(Problem statement): Give back exactly the lines from the line that contains "(forall r, 0 <= r < 1 -> 1 <= v r) /\" to the last line of the listing below, inclusive, and no others.

(Listed entries):

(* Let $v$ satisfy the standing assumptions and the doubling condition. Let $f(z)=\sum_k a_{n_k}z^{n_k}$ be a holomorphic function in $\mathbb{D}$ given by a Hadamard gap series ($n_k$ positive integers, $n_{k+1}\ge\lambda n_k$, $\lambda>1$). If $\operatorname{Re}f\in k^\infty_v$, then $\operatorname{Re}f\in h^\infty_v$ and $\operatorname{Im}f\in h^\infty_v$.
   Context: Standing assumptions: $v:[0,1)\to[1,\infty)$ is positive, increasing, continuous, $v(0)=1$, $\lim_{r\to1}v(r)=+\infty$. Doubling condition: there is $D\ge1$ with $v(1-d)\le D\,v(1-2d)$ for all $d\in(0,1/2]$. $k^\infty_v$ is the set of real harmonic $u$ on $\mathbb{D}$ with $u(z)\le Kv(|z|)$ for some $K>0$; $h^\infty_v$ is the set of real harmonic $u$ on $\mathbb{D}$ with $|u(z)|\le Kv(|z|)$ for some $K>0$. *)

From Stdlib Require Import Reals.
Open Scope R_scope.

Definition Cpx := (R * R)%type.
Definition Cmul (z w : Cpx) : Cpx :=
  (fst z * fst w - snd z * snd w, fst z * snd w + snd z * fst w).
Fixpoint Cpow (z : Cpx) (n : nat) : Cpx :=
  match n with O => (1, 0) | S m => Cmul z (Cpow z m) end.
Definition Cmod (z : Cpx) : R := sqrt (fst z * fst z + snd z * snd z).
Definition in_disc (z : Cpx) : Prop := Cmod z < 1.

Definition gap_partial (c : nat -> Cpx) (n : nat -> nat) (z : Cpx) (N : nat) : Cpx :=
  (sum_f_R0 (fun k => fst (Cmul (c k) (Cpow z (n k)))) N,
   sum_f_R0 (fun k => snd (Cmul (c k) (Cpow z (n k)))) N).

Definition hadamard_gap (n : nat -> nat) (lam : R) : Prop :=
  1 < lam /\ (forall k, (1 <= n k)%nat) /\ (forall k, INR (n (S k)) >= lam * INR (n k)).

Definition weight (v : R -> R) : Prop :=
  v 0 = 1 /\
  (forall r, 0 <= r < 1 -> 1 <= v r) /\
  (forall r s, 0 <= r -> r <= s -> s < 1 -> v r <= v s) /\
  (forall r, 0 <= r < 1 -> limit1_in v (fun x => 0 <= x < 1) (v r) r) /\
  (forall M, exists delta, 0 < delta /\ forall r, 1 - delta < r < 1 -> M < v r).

(Solution):
  (forall r, 0 <= r < 1 -> 1 <= v r) /\
  (forall r s, 0 <= r -> r <= s -> s < 1 -> v r <= v s) /\
  (forall r, 0 <= r < 1 -> limit1_in v (fun x => 0 <= x < 1) (v r) r) /\
  (forall M, exists delta, 0 < delta /\ forall r, 1 - delta < r < 1 -> M < v r).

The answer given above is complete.